• [MATERIALS PROVIDED]
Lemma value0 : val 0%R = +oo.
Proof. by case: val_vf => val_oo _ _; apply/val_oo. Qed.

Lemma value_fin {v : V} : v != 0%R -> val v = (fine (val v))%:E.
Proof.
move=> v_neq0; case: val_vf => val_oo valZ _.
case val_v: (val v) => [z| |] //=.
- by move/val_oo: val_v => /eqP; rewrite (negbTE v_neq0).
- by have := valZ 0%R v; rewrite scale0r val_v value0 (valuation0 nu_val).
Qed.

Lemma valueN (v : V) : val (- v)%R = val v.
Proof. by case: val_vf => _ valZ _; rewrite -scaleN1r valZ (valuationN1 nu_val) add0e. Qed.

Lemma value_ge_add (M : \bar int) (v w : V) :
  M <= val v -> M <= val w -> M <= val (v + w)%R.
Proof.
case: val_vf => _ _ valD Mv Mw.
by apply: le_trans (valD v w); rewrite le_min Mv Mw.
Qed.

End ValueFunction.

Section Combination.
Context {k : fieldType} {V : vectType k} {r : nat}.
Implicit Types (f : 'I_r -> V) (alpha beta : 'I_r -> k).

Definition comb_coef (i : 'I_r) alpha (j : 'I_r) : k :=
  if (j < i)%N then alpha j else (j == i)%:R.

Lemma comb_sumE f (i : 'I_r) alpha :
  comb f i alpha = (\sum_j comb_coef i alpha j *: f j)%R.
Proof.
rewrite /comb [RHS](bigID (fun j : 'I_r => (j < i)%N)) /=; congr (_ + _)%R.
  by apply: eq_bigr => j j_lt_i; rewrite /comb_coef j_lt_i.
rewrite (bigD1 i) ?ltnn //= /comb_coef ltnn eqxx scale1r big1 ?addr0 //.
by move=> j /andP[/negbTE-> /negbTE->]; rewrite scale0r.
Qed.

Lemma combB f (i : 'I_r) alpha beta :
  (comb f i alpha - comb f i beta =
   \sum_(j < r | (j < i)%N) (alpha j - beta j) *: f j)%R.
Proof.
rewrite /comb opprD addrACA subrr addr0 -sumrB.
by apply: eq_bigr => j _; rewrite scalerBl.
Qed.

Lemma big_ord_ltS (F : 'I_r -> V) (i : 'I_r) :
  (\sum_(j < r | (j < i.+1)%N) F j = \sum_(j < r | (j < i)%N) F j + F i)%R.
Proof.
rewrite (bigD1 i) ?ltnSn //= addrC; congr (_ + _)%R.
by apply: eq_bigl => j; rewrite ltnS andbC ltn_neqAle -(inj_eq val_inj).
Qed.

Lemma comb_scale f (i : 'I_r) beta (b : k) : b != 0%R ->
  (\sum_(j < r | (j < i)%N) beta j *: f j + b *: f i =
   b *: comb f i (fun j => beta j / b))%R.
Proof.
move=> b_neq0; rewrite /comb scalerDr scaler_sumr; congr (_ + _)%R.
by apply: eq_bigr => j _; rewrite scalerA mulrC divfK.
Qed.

• [EXERCISE OBJECTIVE] What is needed is an exact transcription of all the data.

• [SOLUTION TO THE PROBLEM]
Lemma value0 : val 0%R = +oo.
Proof. by case: val_vf => val_oo _ _; apply/val_oo. Qed.

Lemma value_fin {v : V} : v != 0%R -> val v = (fine (val v))%:E.
Proof.
move=> v_neq0; case: val_vf => val_oo valZ _.
case val_v: (val v) => [z| |] //=.
- by move/val_oo: val_v => /eqP; rewrite (negbTE v_neq0).
- by have := valZ 0%R v; rewrite scale0r val_v value0 (valuation0 nu_val).
Qed.

Lemma valueN (v : V) : val (- v)%R = val v.
Proof. by case: val_vf => _ valZ _; rewrite -scaleN1r valZ (valuationN1 nu_val) add0e. Qed.

Lemma value_ge_add (M : \bar int) (v w : V) :
  M <= val v -> M <= val w -> M <= val (v + w)%R.
Proof.
case: val_vf => _ _ valD Mv Mw.
by apply: le_trans (valD v w); rewrite le_min Mv Mw.
Qed.

End ValueFunction.

Section Combination.
Context {k : fieldType} {V : vectType k} {r : nat}.
Implicit Types (f : 'I_r -> V) (alpha beta : 'I_r -> k).

Definition comb_coef (i : 'I_r) alpha (j : 'I_r) : k :=
  if (j < i)%N then alpha j else (j == i)%:R.

Lemma comb_sumE f (i : 'I_r) alpha :
  comb f i alpha = (\sum_j comb_coef i alpha j *: f j)%R.
Proof.
rewrite /comb [RHS](bigID (fun j : 'I_r => (j < i)%N)) /=; congr (_ + _)%R.
  by apply: eq_bigr => j j_lt_i; rewrite /comb_coef j_lt_i.
rewrite (bigD1 i) ?ltnn //= /comb_coef ltnn eqxx scale1r big1 ?addr0 //.
by move=> j /andP[/negbTE-> /negbTE->]; rewrite scale0r.
Qed.

Lemma combB f (i : 'I_r) alpha beta :
  (comb f i alpha - comb f i beta =
   \sum_(j < r | (j < i)%N) (alpha j - beta j) *: f j)%R.
Proof.
rewrite /comb opprD addrACA subrr addr0 -sumrB.
by apply: eq_bigr => j _; rewrite scalerBl.
Qed.

Lemma big_ord_ltS (F : 'I_r -> V) (i : 'I_r) :
  (\sum_(j < r | (j < i.+1)%N) F j = \sum_(j < r | (j < i)%N) F j + F i)%R.
Proof.
rewrite (bigD1 i) ?ltnSn //= addrC; congr (_ + _)%R.
by apply: eq_bigl => j; rewrite ltnS andbC ltn_neqAle -(inj_eq val_inj).
Qed.

Lemma comb_scale f (i : 'I_r) beta (b : k) : b != 0%R ->
  (\sum_(j < r | (j < i)%N) beta j *: f j + b *: f i =
   b *: comb f i (fun j => beta j / b))%R.
Proof.
move=> b_neq0; rewrite /comb scalerDr scaler_sumr; congr (_ + _)%R.
by apply: eq_bigr => j _; rewrite scalerA mulrC divfK.
Qed.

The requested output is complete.